The trip was great despite the bad weather. We started at 11:00 am first visiting Shark and Ray alley. Here you can swim between little sharks and rays. It's a little artificial since the animals are being fed every day. (Duration: 1 hour). Then we went snorkelling in Hol Chan a marine reserve (Duration 1 hour). We had an underwater tour from our guide explaining every coral he saw. This was very nice but must be much better with a little sunshine. For lunch we spend 1 1/2 hour on San Pedro (The other Caye) not very interesting but it is included in the tour. We ended snorkelling at Coral Garden for 1 hour, which was nice, but not as good as Hol Chan.

Cancun

After our "tropical" adventure in Belize it was time to go back to Cancun Mexico. First by boat leaving 8:30 to the mainland ($BLZ 15 pp) and by taxi to the Bus terminal ($BLZ 3 pp). From were we left at 9:00 am for a 3-hour bus trip to Chetchumal (Company: Novello's Bus Line Ltd, $BLZ 14 pp). Leaving Belize by land is also very easy but expect to pay at least $BLZ 20 departure fee and $BLZ 7,5 preservation fee. At Chetumal we had to changes buses and continued our trip to Cancun (Company: Mayab, Service: Intermedio, $142 pp, Duration 7 hours). We arrived in Cancun at 20:30 and went straight to the Mayan hostal, which we reserved a few days earlier. For diner we went to the Parque the las Palapas.
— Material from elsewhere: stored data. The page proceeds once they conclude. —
(* Let $\mathcal{P}$ be a finite poset with $p$ elements such that $\mathcal{C}(\mathcal{P})$ is simplicial. Then $\mathbf{M}_{\mathcal{P}}^{-1}$ maps $\mathcal{C}(\mathcal{P})$ bijectively onto $\mathbb{R}^p_+$.
   Context: The order cone $\mathcal{C}(\mathcal{P})\subset\mathbb{R}^{\mathcal{P}}$ is the set of functions $\mathbf{f}$ on $\mathcal{P}$ with $f_x\ge0$ for all $x$ and $f_x\le f_y$ whenever $x\preceq y$. A cone in $\mathbb{R}^p$ is simplicial if it is the conical hull of $p$ linearly independent vectors. With standard basis $\{\mathbf{e}_x\}$ of $\mathbb{R}^{\mathcal{P}}\cong\mathbb{R}^p$, the Möbius transform $\mathbf{M}_{\mathcal{P}}$ is the linear map with $\mathbf{M}_{\mathcal{P}}(\mathbf{e}_x)=\sum_{y:\,x\preceq y}\mathbf{e}_y$; $\mathbb{R}^p_+$ denotes the vectors with nonnegative entries. *)

From HB Require Import structures.
From mathcomp Require Import all_boot all_order all_algebra.
Set Implicit Arguments. Unset Strict Implicit. Unset Printing Implicit Defensive.
Import Order.TTheory GRing.Theory Num.Theory.
Local Open Scope ring_scope.

(* A function f on the finite poset T is encoded as a row vector
   v : 'rV[R]_#|T|, with f_x = v 0 (enum_rank x), i.e. the coordinate of
   index i : 'I_#|T| corresponds to the element enum_val i of T. The
   standard basis vector e_x is the row vector delta_mx 0 (enum_rank x). *)

Definition order_cone (d : Order.disp_t) (T : finPOrderType d) (R : realFieldType)
  (v : 'rV[R]_#|T|) : Prop :=
  (forall i : 'I_#|T|, 0 <= v 0 i) /\
  (forall i j : 'I_#|T|, (enum_val i <= enum_val j)%O -> v 0 i <= v 0 j).

Definition simplicial (p : nat) (R : realFieldType) (C : 'rV[R]_p -> Prop) : Prop :=
  exists B : 'M[R]_p, row_free B /\
    forall v, C v <-> exists c : 'rV[R]_p, (forall i, 0 <= c 0 i) /\ v = c *m B.

(* Moebius transform as a matrix acting on row vectors v |-> v *m M:
   e_x *m M = row x of M = sum_{y : x <= y} e_y. *)
Definition moebius (d : Order.disp_t) (T : finPOrderType d) (R : realFieldType)
  : 'M[R]_#|T| :=
  \matrix_(i, j) ((enum_val i <= enum_val j)%O)%:R.

Definition nonneg_orthant (p : nat) (R : realFieldType) (w : 'rV[R]_p) : Prop :=
  forall i, 0 <= w 0 i.

(* Every principal up-set indicator [row i M] spans an extreme ray of the
   order cone.  If the cone is generated by p vectors, each extreme ray is
   spanned by one of the generators, and distinct principal up-sets give
   distinct generators; by counting, the generators are exactly positive
   multiples of the rows of M.  Hence the order cone is the conic hull of the
   rows of M, which M^-1 maps onto the nonnegative orthant. *)
From HB Require Import structures.
From mathcomp Require Import all_boot all_order all_algebra.
Set Implicit Arguments. Unset Strict Implicit. Unset Printing Implicit Defensive.
Import Order.TTheory GRing.Theory Num.Theory.
Local Open Scope ring_scope.

Section ConicHull.
Variable R : realFieldType.

Definition conic_hull m n (B : 'M[R]_(m, n)) (v : 'rV[R]_n) : Prop :=
  exists2 c : 'rV[R]_m, nonneg_orthant c & v = c *m B.

Lemma simplicial_conic_hull p (C : 'rV[R]_p -> Prop) :
  simplicial C -> exists B : 'M[R]_p, forall v, C v <-> conic_hull B v.
Proof.
move=> [B [_ CB]]; exists B => v; split=> [/CB[c [c_ge0 ->]]|[c c_ge0 ->]].
  by exists c.
by apply/CB; exists c.
Qed.

Lemma conic_hull_row m n (B : 'M[R]_(m, n)) k : conic_hull B (row k B).
Proof. by exists (delta_mx 0 k); rewrite ?rowE // => i; rewrite mxE ler0n. Qed.

Lemma conic_hullZ m n (B : 'M[R]_(m, n)) a v :
  0 <= a -> conic_hull B v -> conic_hull B (a *: v).
Proof.
move=> a_ge0 [c c_ge0 ->]; exists (a *: c); last by rewrite scalemxAl.
by move=> i; rewrite mxE mulr_ge0.
Qed.

Lemma conic_hull_trans m1 m2 n (A : 'M[R]_(m1, n)) (B : 'M[R]_(m2, n)) v :
  (forall k, conic_hull A (row k B)) -> conic_hull B v -> conic_hull A v.
Proof.
move=> BA [c c_ge0 ->].
have /fin_all_exists2[w w_ge0 rowBE] := BA.
exists (\sum_k c 0 k *: w k).
  move=> i; rewrite summxE; apply: sumr_ge0 => k _.
  by rewrite mxE mulr_ge0 ?c_ge0 ?w_ge0.
rewrite mulmx_sum_row mulmx_suml; apply: eq_bigr => k _.
by rewrite rowBE scalemxAl.
Qed.

Lemma extreme_conic_hull_row m n (B : 'M[R]_(m, n)) x :
  conic_hull B x -> x != 0 ->
  (forall f, conic_hull B f -> conic_hull B (x - f) -> exists a, f = a *: x) ->
  exists k a, a != 0 /\ row k B = a *: x.
Proof.
move=> [c c_ge0 xE] x_neq0 x_extreme.
have [k ck_neq0|all0] := pickP (fun k => c 0 k *: row k B != 0); last first.
  case/eqP: x_neq0; rewrite xE mulmx_sum_row big1 // => k _.
  exact/eqP/negbFE/all0.
have [a ckE] : exists a, c 0 k *: row k B = a *: x.
  apply: x_extreme; first exact/conic_hullZ/conic_hull_row.
  exists (c - c 0 k *: delta_mx 0 k).
    move=> j; rewrite !mxE; case: (eqVneq j k) => [->|_].
      by rewrite eqxx mulr1 subrr.
    by rewrite andbF mulr0 subr0.
  by rewrite xE mulmxBl -scalemxAl -rowE.
have c_neq0 : c 0 k != 0 by apply: contraNneq ck_neq0 => ->; rewrite scale0r.
exists k, ((c 0 k)^-1 * a); split.
  rewrite mulf_neq0 ?invr_eq0 //.
  by apply: contraNneq ck_neq0 => a0; rewrite ckE a0 scale0r.
by rewrite -scalerA -ckE scalerA mulVf ?scale1r.
Qed.

End ConicHull.

Section Moebius.
Variables (d : Order.disp_t) (T : finPOrderType d) (R : realFieldType).
Local Notation M := (moebius T R).

Lemma moebiusE i j : M i j = ((enum_val i <= enum_val j)%O)%:R.
Proof. by rewrite mxE. Qed.

(* Solving [u *m M = 0] for [u 0 j] by induction on the number of elements
   strictly below [enum_val j]. *)
Lemma moebius_unit : M \in unitmx.
Proof.
rewrite -row_free_unit; apply: inj_row_free => u uM0.
pose below (j : 'I_#|T|) := [set i : 'I_#|T| | (enum_val i < enum_val j)%O].
have step j : (forall i, i \in below j -> u 0 i = 0) -> u 0 j = 0.
  move=> below0; move/matrixP: uM0 => /(_ 0 j); rewrite !mxE.
  rewrite (bigD1 j) //= moebiusE lexx mulr1 big1 ?addr0 // => i i_neq_j.
  rewrite moebiusE; case le_ij: (enum_val i <= enum_val j)%O; last by rewrite mulr0.
  rewrite below0 ?mul0r // inE lt_neqAle le_ij andbT.
  by apply: contra i_neq_j => /eqP/enum_val_inj ->.
suff u0 n j : (#|below j| <= n)%N -> u 0 j = 0.
  by apply/rowP => j; rewrite mxE (u0 _ j (leqnn _)).
elim: n j => [|n IHn] j below_n; apply: step => i.
  by move: below_n; rewrite leqn0 => /eqP/cards0_eq ->; rewrite inE.
move=> i_below; apply: IHn; rewrite -ltnS; apply: leq_trans below_n.
apply: proper_card; apply/properP; split; last by exists i => //; rewrite inE ltxx.
by apply/subsetP => k; rewrite !inE => /lt_trans; apply; rewrite inE in i_below.
Qed.

Lemma order_cone_moebius w : nonneg_orthant w -> order_cone (w *m M).
Proof.
move=> w_ge0; split=> [j|j k le_jk]; rewrite !mxE.
  by apply: sumr_ge0 => i _; rewrite moebiusE mulr_ge0 ?ler0n.
apply: ler_sum => i _; rewrite !moebiusE ler_wpM2l //.
case le_ij: (enum_val i <= enum_val j)%O; first by rewrite (le_trans le_ij le_jk).
exact: ler0n.
Qed.

Lemma order_cone_row_moebius i : order_cone (row i M).
Proof.
rewrite rowE; apply: order_cone_moebius => j.
by rewrite mxE ler0n.
Qed.

Lemma moebius_row_extreme i f :
  order_cone f -> order_cone (row i M - f) -> f = f 0 i *: row i M.
Proof.
move=> [f_ge0 f_mono] [g_ge0 g_mono]; apply/rowP => j; rewrite !mxE.
case le_ij: (enum_val i <= enum_val j)%O; rewrite /= ?mulr1n ?mulr0n.
  rewrite mulr1; apply/eqP; rewrite eq_le (f_mono _ _ le_ij) andbT.
  by have := g_mono _ _ le_ij; rewrite !mxE lexx le_ij /= mulr1n lerD2l lerN2.
rewrite mulr0; apply/eqP; rewrite eq_le f_ge0 andbT.
by have := g_ge0 j; rewrite !mxE le_ij /= mulr0n sub0r oppr_ge0.
Qed.

Lemma moebius_scaled_row_le i j a b :
  0 < b -> a *: row i M = b *: row j M -> (enum_val i <= enum_val j)%O.
Proof.
move=> b_gt0 /rowP/(_ j); rewrite !mxE lexx mulr1.
case: (enum_val i <= enum_val j)%O => //; rewrite mulr0 => b0.
by rewrite -b0 ltxx in b_gt0.
Qed.

Lemma moebius_scaled_row_inj i j a b :
  0 < a -> 0 < b -> a *: row i M = b *: row j M -> i = j.
Proof.
move=> a_gt0 b_gt0 rowsE; apply: enum_val_inj; apply: le_anti.
by rewrite (moebius_scaled_row_le b_gt0 rowsE)
           (moebius_scaled_row_le a_gt0 (esym rowsE)).
Qed.

End Moebius.

Section SimplicialOrderCone.
Variables (d : Order.disp_t) (T : finPOrderType d) (R : realFieldType).
Variable B : 'M[R]_#|T|.
Hypothesis order_coneE : forall v, order_cone v <-> conic_hull B v.
Local Notation M := (moebius T R).

Lemma moebius_row_generator i :
  exists k, 0 < B k i /\ row k B = B k i *: row i M.
Proof.
have [k [a [a_neq0 rowBE]]] : exists k a, a != 0 /\ row k B = a *: row i M.
  apply: extreme_conic_hull_row.
  - exact/order_coneE/order_cone_row_moebius.
  - by apply/eqP => /rowP/(_ i)/eqP; rewrite !mxE lexx oner_eq0.
  - move=> f /order_coneE f_cone /order_coneE g_cone.
    by exists (f 0 i); apply: moebius_row_extreme.
have Bki : B k i = a by move/rowP: rowBE => /(_ i); rewrite !mxE lexx mulr1.
exists k; rewrite Bki; split=> //; rewrite lt_def a_neq0 -Bki.
by have [/(_ i)] := (order_coneE _).2 (conic_hull_row B k); rewrite mxE.
Qed.

Lemma order_cone_conic_hull_moebius v : order_cone v -> conic_hull M v.
Proof.
have [sigma sigmaP] := fin_all_exists moebius_row_generator.
have sigma_inj : injective sigma.
  move=> i j eq_sigma.
  have [[a_gt0 rowiE] [b_gt0 rowjE]] := (sigmaP i, sigmaP j).
  apply: (moebius_scaled_row_inj a_gt0 b_gt0).
  by rewrite -rowiE -rowjE eq_sigma.
have [tau sigmaK tauK] := injF_bij sigma_inj.
move=> /order_coneE; apply: conic_hull_trans => k.
rewrite -[k]tauK (sigmaP _).2; apply: conic_hullZ; last exact: conic_hull_row.
exact/ltW/(sigmaP _).1.
Qed.

End SimplicialOrderCone.

Theorem lemma4 (d : Order.disp_t) (T : finPOrderType d) (R : realFieldType) :
  simplicial (order_cone (T := T) (R := R)) ->
  let M := moebius T R in
  M \in unitmx /\
  (forall v : 'rV[R]_#|T|, order_cone v -> nonneg_orthant (v *m invmx M)) /\
  (forall v1 v2 : 'rV[R]_#|T|, order_cone v1 -> order_cone v2 ->
      v1 *m invmx M = v2 *m invmx M -> v1 = v2) /\
  (forall w : 'rV[R]_#|T|, nonneg_orthant w ->
      exists2 v, order_cone v & v *m invmx M = w).
Proof.
move=> /simplicial_conic_hull[B order_coneE] M.
have M_unit : M \in unitmx := moebius_unit T R.
split=> //; split.
  move=> v /(order_cone_conic_hull_moebius order_coneE)[w w_ge0 ->].
  by rewrite mulmxK.
split; first by move=> v1 v2 _ _; apply: (can_inj (mulmxKV M_unit)).
move=> w w_ge0; exists (w *m M); first exact: order_cone_moebius.
exact: mulmxK.
Qed.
After a good night sleep for a change we went to the Cancun beach. The beach is basically the place to be for many people. There are a lot of expensive hotels and place to go out. The beach is nice but due to the hostels it's small. We stayed for a couple of hours. In the evening we had a great time with the people in the hostel.

Unfortunately we had to leave for home the next day. Before we went to the airport we went to a bank to pay our departure fee of $170 pp, which should be necessary. We took a taxi ($100) to the airport and to our surprise we were one of the few with a departure stamp and since nobody checked we think you won't need one.

We had a great time travelling for 4 weeks in three totally different countries. If you are planning to go there we hope it will be just as great for you.